* _ENTRIES SHOWN_:
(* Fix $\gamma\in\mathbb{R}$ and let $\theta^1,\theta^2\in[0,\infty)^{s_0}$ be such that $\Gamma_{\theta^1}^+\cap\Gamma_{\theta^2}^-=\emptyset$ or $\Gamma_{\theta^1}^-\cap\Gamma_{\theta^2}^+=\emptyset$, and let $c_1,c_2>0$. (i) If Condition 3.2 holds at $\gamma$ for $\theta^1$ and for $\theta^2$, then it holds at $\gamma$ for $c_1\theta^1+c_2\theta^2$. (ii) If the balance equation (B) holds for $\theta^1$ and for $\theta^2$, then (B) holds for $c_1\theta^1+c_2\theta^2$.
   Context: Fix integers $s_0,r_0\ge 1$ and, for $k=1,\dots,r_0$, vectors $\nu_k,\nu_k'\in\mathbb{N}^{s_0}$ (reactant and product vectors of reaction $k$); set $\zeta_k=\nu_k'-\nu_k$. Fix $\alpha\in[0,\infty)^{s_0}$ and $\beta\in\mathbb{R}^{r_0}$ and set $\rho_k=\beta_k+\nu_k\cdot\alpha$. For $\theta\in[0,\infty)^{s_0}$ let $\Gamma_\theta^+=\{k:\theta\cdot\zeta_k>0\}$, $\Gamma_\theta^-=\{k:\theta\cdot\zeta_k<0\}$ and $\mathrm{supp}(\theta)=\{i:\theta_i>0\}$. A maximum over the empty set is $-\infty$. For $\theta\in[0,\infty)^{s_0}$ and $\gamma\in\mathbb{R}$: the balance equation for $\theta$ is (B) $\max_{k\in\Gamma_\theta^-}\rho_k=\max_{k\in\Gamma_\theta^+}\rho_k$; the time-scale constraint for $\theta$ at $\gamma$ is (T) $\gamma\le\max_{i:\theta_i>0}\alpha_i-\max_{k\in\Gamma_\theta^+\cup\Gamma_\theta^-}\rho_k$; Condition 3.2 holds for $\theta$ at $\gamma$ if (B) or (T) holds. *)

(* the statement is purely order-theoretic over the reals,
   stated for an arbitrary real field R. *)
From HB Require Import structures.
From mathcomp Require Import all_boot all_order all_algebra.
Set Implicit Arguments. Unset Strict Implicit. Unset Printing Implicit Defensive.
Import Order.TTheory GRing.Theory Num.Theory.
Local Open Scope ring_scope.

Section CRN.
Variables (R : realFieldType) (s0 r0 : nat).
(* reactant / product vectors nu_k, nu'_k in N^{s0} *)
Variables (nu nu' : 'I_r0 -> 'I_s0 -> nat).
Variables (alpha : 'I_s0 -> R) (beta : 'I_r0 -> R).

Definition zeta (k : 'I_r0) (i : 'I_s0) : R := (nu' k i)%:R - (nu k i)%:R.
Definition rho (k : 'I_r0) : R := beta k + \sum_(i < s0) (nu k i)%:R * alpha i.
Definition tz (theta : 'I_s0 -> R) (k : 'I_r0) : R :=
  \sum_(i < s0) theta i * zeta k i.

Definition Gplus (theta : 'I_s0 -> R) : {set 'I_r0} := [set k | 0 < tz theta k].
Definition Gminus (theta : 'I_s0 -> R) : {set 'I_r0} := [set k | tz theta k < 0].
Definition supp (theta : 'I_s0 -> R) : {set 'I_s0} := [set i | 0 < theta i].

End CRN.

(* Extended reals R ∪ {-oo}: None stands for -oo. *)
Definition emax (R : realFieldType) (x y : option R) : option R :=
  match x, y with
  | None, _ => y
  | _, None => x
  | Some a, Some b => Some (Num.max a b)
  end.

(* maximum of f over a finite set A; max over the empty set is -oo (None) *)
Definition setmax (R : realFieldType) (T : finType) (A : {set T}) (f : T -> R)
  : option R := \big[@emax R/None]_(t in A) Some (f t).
* * *
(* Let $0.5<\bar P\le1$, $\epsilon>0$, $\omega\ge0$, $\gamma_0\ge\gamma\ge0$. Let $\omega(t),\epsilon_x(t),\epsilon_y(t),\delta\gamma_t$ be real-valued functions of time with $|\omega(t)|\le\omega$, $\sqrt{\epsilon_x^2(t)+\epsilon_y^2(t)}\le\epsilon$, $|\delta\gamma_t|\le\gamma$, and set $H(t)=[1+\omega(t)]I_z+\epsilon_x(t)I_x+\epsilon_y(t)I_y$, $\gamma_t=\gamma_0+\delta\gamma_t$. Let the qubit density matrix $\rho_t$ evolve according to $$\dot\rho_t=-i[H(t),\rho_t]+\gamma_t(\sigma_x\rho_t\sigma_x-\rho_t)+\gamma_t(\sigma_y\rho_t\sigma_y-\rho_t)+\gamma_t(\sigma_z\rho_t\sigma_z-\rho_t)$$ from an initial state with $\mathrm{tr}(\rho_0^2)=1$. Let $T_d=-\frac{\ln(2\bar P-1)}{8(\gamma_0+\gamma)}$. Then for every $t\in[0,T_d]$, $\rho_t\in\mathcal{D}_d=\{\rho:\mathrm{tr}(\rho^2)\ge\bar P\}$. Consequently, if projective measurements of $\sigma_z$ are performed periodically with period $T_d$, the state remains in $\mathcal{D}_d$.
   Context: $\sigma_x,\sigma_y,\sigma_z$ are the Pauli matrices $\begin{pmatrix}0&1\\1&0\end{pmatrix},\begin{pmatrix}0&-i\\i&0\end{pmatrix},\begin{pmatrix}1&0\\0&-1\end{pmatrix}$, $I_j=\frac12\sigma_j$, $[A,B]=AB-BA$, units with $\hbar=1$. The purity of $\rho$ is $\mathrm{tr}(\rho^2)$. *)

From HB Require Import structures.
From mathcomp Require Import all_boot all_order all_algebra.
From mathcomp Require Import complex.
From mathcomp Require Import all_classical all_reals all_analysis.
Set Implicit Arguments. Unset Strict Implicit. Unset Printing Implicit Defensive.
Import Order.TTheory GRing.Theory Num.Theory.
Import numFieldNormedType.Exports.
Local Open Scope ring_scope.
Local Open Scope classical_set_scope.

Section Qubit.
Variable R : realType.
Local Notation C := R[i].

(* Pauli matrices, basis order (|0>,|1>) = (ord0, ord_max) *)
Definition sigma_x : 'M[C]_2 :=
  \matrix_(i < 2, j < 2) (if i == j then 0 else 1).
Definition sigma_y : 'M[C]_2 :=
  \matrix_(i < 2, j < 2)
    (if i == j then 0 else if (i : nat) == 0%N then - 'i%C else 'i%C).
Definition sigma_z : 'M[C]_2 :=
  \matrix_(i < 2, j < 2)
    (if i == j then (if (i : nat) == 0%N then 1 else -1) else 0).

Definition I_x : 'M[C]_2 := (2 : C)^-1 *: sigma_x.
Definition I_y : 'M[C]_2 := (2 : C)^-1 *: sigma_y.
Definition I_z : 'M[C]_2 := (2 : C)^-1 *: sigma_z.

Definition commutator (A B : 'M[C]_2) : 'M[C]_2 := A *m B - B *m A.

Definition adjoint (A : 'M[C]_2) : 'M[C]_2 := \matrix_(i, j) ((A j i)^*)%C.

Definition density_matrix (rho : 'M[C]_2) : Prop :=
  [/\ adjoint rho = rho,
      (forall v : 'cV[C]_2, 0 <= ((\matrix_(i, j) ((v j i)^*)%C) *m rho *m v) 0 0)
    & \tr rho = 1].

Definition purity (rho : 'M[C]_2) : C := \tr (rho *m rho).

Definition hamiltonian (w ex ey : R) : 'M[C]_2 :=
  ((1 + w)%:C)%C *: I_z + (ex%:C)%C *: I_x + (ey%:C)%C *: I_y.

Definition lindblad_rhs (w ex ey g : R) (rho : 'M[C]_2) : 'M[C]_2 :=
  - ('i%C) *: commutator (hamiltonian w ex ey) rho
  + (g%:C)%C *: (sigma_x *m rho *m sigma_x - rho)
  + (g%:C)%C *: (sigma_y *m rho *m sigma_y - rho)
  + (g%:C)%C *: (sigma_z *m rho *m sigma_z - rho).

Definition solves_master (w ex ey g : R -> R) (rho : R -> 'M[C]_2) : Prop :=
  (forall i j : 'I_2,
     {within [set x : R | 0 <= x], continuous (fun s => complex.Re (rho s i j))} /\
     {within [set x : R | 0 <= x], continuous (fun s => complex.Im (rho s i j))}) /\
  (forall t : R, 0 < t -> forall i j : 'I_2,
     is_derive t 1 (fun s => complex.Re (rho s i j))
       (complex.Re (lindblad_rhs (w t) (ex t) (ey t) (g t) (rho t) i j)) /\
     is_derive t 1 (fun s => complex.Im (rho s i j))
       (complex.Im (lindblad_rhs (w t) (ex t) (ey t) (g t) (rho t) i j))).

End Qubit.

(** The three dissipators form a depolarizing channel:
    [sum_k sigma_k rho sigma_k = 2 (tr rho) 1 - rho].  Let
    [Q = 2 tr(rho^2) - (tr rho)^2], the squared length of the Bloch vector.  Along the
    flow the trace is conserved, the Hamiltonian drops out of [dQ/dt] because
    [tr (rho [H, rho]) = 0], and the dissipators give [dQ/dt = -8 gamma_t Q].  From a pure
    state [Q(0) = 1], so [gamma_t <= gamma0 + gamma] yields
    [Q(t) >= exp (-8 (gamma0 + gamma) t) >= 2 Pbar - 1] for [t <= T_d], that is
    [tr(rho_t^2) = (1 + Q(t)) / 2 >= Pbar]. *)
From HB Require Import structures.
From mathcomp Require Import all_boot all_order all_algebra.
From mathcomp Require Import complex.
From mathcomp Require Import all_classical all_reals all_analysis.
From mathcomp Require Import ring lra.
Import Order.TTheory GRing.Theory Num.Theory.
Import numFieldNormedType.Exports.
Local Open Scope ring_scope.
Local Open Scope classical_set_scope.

* _YOUR TASK_: Copy all lines from the material that hold "commutator".

* _RESPONSE TO THIS TASK_:
Definition commutator (A B : 'M[C]_2) : 'M[C]_2 := A *m B - B *m A.
  - ('i%C) *: commutator (hamiltonian w ex ey) rho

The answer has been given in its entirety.